● Work instruction
Give again, word for word, every line below from the one that has "exists v2, v1;" through the one that has "assert (Hcross : forall", both included, and no others.

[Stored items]

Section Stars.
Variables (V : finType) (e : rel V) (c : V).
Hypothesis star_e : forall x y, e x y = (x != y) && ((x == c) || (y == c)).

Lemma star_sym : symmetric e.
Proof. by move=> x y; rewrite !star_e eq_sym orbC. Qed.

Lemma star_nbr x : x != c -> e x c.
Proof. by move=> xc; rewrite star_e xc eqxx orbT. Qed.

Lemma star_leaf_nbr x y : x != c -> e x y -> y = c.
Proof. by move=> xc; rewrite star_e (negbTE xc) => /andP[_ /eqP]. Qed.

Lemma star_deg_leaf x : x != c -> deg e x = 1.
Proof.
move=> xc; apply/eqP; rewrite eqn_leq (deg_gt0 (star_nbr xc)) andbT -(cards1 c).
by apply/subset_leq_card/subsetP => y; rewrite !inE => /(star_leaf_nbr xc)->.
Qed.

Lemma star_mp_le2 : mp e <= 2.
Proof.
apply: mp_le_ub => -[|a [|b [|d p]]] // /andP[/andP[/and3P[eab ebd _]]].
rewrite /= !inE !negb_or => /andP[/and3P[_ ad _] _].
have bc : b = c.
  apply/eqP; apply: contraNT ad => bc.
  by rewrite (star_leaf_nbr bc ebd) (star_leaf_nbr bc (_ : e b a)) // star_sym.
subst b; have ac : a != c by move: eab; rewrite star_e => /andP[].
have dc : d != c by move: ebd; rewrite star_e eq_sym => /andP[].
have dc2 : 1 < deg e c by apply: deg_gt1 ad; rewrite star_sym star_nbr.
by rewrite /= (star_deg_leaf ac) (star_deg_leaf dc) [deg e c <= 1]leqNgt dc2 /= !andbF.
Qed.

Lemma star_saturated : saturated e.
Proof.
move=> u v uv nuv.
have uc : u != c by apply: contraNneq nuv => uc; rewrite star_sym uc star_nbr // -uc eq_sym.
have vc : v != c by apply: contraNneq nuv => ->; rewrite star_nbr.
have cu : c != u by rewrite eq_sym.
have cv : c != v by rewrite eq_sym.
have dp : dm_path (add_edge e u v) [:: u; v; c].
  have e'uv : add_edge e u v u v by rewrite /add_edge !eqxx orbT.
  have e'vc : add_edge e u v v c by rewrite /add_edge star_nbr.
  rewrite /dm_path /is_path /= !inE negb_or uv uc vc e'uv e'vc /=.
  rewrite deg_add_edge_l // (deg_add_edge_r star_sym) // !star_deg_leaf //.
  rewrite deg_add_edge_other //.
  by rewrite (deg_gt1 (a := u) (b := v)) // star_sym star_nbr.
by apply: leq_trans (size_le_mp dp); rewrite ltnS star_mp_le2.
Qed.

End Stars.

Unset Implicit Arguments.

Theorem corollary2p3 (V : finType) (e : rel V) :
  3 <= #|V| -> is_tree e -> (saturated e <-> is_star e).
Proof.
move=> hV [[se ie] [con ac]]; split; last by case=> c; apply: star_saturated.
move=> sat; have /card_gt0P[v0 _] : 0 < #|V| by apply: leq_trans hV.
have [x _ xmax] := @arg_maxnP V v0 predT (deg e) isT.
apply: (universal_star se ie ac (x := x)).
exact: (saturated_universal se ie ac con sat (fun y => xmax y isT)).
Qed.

* * *

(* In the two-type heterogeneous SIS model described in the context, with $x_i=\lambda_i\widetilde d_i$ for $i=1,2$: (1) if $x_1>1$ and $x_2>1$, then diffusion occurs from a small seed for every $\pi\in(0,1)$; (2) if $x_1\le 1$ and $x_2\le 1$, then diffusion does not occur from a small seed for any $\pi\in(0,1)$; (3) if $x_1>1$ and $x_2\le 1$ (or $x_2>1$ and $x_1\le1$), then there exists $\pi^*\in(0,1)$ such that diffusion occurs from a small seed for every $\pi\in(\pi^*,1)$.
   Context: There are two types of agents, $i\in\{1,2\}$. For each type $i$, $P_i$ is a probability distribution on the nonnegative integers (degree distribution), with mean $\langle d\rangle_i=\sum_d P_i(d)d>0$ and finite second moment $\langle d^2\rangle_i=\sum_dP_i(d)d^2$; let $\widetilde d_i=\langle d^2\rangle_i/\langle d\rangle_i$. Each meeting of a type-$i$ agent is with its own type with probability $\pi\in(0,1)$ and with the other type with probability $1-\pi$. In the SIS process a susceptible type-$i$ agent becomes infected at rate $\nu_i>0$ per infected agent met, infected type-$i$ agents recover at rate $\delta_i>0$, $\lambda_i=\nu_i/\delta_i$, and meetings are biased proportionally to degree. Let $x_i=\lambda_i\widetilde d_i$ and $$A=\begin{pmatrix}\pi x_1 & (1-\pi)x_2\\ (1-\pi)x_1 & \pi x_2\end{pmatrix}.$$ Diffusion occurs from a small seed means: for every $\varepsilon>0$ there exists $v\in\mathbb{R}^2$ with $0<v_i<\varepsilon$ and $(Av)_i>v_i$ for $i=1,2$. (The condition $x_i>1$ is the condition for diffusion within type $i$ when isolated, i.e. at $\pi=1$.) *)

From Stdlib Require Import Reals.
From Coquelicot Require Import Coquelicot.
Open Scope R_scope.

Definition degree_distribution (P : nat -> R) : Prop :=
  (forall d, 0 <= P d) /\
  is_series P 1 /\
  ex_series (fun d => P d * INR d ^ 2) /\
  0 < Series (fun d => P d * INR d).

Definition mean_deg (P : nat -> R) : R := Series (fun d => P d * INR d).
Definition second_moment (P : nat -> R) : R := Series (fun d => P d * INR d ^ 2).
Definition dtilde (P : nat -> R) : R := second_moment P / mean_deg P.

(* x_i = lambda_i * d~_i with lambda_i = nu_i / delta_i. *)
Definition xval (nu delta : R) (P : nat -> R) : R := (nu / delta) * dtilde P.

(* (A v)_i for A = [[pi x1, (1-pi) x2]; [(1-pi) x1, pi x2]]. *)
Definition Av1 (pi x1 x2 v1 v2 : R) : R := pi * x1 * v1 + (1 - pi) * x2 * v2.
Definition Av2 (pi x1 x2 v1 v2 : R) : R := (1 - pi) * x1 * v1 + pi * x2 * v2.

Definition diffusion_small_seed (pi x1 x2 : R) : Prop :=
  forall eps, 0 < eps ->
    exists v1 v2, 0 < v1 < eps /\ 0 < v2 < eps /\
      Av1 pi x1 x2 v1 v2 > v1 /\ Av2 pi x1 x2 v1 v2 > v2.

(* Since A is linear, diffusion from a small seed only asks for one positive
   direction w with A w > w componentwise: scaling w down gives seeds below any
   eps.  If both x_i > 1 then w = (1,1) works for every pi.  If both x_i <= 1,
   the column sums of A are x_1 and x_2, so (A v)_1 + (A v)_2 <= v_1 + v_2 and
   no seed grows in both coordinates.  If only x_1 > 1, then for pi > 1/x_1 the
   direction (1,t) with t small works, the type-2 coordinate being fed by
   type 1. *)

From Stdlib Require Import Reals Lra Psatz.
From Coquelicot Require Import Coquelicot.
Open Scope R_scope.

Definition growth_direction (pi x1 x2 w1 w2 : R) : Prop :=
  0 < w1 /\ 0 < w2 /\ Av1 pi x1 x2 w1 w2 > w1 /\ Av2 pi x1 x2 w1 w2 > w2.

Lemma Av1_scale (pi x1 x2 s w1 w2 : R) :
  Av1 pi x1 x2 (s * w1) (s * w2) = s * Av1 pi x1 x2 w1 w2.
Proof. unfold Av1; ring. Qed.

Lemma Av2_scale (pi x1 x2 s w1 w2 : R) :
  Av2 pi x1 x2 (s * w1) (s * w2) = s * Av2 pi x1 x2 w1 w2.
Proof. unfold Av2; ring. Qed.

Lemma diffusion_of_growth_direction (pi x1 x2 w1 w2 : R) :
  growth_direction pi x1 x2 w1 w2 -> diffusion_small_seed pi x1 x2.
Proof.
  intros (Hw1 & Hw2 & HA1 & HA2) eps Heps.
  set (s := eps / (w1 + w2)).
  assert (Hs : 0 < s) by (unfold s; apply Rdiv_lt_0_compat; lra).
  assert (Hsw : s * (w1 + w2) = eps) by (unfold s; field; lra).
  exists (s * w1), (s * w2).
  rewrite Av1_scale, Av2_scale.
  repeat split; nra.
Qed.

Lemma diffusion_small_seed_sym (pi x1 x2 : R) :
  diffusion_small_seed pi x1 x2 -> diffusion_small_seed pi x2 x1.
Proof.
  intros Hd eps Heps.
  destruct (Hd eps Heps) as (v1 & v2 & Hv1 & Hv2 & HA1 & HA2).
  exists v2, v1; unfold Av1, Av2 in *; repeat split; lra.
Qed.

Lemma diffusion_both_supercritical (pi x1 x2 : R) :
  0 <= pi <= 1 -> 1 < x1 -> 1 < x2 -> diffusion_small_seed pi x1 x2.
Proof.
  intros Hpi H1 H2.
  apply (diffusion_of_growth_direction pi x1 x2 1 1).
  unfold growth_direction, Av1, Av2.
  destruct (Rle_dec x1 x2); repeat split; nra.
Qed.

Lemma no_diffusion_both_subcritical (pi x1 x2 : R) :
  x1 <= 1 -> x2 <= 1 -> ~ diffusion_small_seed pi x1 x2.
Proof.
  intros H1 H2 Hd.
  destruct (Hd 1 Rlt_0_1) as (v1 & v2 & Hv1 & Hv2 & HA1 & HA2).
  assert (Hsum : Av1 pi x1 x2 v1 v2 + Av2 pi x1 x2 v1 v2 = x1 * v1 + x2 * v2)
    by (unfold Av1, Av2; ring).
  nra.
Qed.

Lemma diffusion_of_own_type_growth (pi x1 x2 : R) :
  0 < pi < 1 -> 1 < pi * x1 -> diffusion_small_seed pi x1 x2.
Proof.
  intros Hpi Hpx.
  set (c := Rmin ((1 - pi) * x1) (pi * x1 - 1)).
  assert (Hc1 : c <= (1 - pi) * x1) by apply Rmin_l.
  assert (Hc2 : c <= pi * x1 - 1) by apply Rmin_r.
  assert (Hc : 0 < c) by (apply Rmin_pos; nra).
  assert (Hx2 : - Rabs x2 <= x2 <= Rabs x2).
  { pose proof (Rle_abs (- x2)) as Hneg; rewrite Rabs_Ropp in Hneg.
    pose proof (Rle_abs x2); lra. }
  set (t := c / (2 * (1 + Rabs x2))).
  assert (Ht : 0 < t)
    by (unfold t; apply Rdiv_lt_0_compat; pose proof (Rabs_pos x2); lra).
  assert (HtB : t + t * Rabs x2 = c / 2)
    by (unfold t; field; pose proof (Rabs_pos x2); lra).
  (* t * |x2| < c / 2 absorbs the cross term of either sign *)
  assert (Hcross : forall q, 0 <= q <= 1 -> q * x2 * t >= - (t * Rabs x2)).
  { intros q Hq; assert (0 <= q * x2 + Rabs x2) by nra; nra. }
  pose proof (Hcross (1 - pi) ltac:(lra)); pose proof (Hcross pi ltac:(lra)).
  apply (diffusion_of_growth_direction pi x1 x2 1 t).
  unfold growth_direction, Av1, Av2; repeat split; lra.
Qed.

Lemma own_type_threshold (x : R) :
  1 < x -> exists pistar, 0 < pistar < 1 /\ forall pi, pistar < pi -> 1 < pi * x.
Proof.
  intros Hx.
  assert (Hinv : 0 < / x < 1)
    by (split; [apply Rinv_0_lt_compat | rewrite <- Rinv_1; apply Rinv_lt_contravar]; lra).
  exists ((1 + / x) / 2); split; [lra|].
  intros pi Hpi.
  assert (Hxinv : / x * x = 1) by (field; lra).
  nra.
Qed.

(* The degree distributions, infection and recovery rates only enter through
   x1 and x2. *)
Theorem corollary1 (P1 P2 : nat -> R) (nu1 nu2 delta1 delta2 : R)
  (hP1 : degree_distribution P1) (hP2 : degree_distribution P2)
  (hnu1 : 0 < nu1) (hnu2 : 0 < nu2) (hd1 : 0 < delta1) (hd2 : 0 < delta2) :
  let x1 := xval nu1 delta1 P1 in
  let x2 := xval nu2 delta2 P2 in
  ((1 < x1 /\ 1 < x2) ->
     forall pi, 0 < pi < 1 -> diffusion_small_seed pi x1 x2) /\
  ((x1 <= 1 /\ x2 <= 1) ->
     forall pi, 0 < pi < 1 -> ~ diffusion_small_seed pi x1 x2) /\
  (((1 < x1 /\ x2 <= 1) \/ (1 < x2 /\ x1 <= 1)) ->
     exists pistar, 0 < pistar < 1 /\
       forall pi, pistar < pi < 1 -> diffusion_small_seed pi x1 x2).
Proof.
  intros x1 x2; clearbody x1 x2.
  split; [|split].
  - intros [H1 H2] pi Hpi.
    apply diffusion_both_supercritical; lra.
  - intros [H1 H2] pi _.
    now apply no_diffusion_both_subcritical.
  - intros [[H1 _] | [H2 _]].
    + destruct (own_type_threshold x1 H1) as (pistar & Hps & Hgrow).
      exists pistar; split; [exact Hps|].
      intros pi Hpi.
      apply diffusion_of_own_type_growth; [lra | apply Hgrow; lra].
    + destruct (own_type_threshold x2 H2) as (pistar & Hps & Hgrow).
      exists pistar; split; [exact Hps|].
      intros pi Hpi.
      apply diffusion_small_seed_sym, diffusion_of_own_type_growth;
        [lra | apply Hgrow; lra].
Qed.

--

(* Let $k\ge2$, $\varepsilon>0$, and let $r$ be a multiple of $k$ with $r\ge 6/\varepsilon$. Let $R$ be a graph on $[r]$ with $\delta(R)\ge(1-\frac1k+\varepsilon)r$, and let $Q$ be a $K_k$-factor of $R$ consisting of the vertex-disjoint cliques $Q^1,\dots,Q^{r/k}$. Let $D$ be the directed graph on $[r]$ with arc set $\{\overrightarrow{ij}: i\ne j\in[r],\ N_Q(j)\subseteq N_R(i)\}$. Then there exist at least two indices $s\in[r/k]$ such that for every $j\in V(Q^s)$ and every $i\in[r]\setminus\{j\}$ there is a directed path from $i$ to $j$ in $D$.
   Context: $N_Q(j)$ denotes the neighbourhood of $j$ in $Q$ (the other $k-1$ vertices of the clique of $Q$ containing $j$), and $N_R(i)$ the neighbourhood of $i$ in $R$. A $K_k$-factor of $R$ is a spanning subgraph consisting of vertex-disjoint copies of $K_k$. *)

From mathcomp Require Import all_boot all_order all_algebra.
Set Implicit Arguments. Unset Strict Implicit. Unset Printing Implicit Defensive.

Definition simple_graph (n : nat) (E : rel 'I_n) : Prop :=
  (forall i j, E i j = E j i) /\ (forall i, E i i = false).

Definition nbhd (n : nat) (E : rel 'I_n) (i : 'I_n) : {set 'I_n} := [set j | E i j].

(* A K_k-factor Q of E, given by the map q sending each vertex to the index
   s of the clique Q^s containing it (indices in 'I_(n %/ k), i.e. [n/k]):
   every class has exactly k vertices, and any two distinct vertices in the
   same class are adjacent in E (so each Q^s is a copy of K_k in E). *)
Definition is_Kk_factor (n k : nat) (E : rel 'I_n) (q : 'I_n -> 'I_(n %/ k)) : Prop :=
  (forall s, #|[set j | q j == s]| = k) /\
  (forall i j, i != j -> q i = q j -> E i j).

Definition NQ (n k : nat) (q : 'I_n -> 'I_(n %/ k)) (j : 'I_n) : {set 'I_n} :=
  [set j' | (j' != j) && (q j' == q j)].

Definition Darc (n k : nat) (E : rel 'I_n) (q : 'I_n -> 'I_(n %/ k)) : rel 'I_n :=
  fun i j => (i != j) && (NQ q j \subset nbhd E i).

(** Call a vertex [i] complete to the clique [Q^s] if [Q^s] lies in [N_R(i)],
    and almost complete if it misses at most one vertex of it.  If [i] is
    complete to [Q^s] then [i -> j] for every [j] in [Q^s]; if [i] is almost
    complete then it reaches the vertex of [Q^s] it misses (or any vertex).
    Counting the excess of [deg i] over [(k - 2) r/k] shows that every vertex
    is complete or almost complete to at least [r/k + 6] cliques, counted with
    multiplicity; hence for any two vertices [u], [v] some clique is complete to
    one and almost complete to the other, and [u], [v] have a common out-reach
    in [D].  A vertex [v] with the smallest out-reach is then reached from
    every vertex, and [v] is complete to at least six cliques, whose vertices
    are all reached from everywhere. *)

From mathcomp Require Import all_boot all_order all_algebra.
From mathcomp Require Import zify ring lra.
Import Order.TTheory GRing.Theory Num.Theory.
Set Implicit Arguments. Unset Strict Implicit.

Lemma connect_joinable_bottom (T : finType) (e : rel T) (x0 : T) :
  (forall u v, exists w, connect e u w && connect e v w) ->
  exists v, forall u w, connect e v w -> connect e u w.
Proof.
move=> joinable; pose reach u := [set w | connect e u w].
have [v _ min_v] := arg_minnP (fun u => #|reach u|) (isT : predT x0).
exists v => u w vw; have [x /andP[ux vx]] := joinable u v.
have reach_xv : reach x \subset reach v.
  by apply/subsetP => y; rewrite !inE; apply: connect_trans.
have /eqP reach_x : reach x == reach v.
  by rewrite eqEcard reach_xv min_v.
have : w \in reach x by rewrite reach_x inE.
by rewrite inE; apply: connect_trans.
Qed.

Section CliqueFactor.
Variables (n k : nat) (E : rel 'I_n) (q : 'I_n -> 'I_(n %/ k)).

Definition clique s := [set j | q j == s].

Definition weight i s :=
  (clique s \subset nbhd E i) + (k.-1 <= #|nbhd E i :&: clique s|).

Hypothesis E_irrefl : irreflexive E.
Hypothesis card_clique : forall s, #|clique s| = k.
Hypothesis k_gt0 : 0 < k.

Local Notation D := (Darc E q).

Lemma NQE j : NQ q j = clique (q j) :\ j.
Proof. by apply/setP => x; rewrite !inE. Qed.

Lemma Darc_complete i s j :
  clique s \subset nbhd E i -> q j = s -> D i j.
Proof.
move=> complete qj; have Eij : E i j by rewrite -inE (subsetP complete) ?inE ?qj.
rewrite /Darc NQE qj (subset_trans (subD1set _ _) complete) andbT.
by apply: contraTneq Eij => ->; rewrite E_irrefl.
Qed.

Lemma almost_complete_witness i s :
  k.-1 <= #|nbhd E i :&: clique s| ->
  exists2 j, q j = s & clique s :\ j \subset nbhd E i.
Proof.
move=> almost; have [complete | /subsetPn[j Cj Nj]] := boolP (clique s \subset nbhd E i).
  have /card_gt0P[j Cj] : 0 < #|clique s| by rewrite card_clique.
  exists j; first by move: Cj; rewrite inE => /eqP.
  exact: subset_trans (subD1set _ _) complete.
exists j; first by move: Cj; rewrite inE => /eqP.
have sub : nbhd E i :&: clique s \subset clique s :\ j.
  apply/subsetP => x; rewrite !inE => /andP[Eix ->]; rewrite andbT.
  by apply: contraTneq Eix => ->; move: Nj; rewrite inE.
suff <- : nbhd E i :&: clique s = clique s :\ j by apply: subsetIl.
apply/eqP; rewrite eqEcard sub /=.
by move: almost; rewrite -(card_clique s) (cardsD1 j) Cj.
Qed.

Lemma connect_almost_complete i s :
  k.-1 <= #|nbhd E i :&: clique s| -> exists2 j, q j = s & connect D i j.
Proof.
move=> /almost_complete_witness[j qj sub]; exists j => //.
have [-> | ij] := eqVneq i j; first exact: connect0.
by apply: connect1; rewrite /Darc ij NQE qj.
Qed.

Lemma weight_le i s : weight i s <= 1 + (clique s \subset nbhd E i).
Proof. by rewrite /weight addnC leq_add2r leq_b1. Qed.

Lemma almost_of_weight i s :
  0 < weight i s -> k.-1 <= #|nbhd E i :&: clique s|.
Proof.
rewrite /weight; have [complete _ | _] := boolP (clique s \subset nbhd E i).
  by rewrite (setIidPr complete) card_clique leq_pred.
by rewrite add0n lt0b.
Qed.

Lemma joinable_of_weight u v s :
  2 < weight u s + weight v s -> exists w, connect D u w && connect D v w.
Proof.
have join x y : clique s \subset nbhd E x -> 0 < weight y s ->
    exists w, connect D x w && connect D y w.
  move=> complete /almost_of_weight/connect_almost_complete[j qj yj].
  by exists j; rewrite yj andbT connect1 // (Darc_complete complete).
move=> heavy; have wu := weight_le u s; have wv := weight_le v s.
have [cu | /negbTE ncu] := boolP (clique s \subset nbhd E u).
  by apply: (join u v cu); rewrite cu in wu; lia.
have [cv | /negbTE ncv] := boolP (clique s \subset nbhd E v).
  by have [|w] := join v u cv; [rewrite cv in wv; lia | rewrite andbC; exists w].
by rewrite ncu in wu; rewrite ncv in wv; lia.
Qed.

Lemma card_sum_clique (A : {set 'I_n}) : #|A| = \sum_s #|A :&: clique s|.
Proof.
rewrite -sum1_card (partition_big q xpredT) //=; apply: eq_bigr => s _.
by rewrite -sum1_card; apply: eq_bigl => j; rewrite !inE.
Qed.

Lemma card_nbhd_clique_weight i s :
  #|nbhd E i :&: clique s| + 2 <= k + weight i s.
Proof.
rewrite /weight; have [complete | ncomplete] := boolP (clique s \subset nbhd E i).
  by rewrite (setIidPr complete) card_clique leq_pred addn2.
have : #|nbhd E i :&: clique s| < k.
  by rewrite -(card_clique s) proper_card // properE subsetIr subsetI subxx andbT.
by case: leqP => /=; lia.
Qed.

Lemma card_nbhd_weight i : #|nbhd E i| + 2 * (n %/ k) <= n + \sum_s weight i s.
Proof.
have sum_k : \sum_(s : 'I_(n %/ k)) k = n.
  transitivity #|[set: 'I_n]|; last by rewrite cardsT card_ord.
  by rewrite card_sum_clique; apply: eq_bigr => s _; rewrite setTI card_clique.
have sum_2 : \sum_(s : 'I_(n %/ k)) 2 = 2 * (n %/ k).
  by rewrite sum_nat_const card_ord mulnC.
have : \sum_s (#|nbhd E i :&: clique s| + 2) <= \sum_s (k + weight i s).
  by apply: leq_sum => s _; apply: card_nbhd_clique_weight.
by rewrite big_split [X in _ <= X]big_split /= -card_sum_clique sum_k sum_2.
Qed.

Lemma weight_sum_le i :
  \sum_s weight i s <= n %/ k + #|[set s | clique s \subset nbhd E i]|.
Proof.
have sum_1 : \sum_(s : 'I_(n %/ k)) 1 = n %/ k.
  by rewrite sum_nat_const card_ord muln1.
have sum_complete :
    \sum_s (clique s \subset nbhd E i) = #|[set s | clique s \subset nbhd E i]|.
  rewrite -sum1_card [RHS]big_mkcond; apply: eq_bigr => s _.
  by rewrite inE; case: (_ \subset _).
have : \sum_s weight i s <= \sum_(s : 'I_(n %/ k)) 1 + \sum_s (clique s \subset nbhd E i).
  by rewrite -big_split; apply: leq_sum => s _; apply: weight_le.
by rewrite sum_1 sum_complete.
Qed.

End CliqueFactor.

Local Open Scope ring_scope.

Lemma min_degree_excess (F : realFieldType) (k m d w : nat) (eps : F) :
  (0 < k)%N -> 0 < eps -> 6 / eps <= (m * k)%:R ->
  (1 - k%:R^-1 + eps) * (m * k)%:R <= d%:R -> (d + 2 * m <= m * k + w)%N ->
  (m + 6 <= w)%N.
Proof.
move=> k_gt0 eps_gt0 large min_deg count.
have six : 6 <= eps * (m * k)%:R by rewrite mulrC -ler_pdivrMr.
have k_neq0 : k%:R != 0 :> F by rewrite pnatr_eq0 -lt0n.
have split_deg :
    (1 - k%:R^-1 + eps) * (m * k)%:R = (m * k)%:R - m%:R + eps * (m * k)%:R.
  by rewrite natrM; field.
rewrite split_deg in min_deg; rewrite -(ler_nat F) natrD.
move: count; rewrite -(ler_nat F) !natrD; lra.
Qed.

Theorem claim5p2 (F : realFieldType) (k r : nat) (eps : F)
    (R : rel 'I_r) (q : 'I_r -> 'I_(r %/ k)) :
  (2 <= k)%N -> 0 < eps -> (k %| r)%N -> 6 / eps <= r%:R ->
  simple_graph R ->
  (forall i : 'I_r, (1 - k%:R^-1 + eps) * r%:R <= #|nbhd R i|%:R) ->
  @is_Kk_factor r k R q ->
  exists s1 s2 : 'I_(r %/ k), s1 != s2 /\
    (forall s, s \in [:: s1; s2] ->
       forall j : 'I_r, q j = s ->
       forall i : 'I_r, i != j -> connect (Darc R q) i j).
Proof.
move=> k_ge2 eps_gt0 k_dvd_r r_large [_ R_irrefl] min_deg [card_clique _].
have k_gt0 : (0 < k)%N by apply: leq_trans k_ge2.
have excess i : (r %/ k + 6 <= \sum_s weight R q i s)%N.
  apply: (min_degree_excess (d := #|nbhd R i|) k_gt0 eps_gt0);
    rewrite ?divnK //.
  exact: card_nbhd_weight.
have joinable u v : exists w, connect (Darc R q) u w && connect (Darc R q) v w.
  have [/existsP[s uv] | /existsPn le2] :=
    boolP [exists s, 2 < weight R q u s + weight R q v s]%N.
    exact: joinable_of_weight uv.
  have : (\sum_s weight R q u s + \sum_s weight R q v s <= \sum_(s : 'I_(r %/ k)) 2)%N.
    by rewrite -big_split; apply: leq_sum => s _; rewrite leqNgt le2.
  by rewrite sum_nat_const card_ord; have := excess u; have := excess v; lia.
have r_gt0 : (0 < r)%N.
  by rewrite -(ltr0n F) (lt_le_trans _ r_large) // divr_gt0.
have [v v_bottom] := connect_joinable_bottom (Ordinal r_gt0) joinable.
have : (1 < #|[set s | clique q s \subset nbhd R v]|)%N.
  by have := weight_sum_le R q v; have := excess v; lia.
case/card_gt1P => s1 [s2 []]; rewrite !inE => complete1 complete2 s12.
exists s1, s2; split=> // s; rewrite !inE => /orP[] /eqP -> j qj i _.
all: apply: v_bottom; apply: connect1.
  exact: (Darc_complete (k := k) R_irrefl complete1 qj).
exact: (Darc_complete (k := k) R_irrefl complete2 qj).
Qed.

● Completed task
  exists v2, v1; unfold Av1, Av2 in *; repeat split; lra.
Qed.

Lemma diffusion_both_supercritical (pi x1 x2 : R) :
  0 <= pi <= 1 -> 1 < x1 -> 1 < x2 -> diffusion_small_seed pi x1 x2.
Proof.
  intros Hpi H1 H2.
  apply (diffusion_of_growth_direction pi x1 x2 1 1).
  unfold growth_direction, Av1, Av2.
  destruct (Rle_dec x1 x2); repeat split; nra.
Qed.

Lemma no_diffusion_both_subcritical (pi x1 x2 : R) :
  x1 <= 1 -> x2 <= 1 -> ~ diffusion_small_seed pi x1 x2.
Proof.
  intros H1 H2 Hd.
  destruct (Hd 1 Rlt_0_1) as (v1 & v2 & Hv1 & Hv2 & HA1 & HA2).
  assert (Hsum : Av1 pi x1 x2 v1 v2 + Av2 pi x1 x2 v1 v2 = x1 * v1 + x2 * v2)
    by (unfold Av1, Av2; ring).
  nra.
Qed.

Lemma diffusion_of_own_type_growth (pi x1 x2 : R) :
  0 < pi < 1 -> 1 < pi * x1 -> diffusion_small_seed pi x1 x2.
Proof.
  intros Hpi Hpx.
  set (c := Rmin ((1 - pi) * x1) (pi * x1 - 1)).
  assert (Hc1 : c <= (1 - pi) * x1) by apply Rmin_l.
  assert (Hc2 : c <= pi * x1 - 1) by apply Rmin_r.
  assert (Hc : 0 < c) by (apply Rmin_pos; nra).
  assert (Hx2 : - Rabs x2 <= x2 <= Rabs x2).
  { pose proof (Rle_abs (- x2)) as Hneg; rewrite Rabs_Ropp in Hneg.
    pose proof (Rle_abs x2); lra. }
  set (t := c / (2 * (1 + Rabs x2))).
  assert (Ht : 0 < t)
    by (unfold t; apply Rdiv_lt_0_compat; pose proof (Rabs_pos x2); lra).
  assert (HtB : t + t * Rabs x2 = c / 2)
    by (unfold t; field; pose proof (Rabs_pos x2); lra).
  (* t * |x2| < c / 2 absorbs the cross term of either sign *)
  assert (Hcross : forall q, 0 <= q <= 1 -> q * x2 * t >= - (t * Rabs x2)).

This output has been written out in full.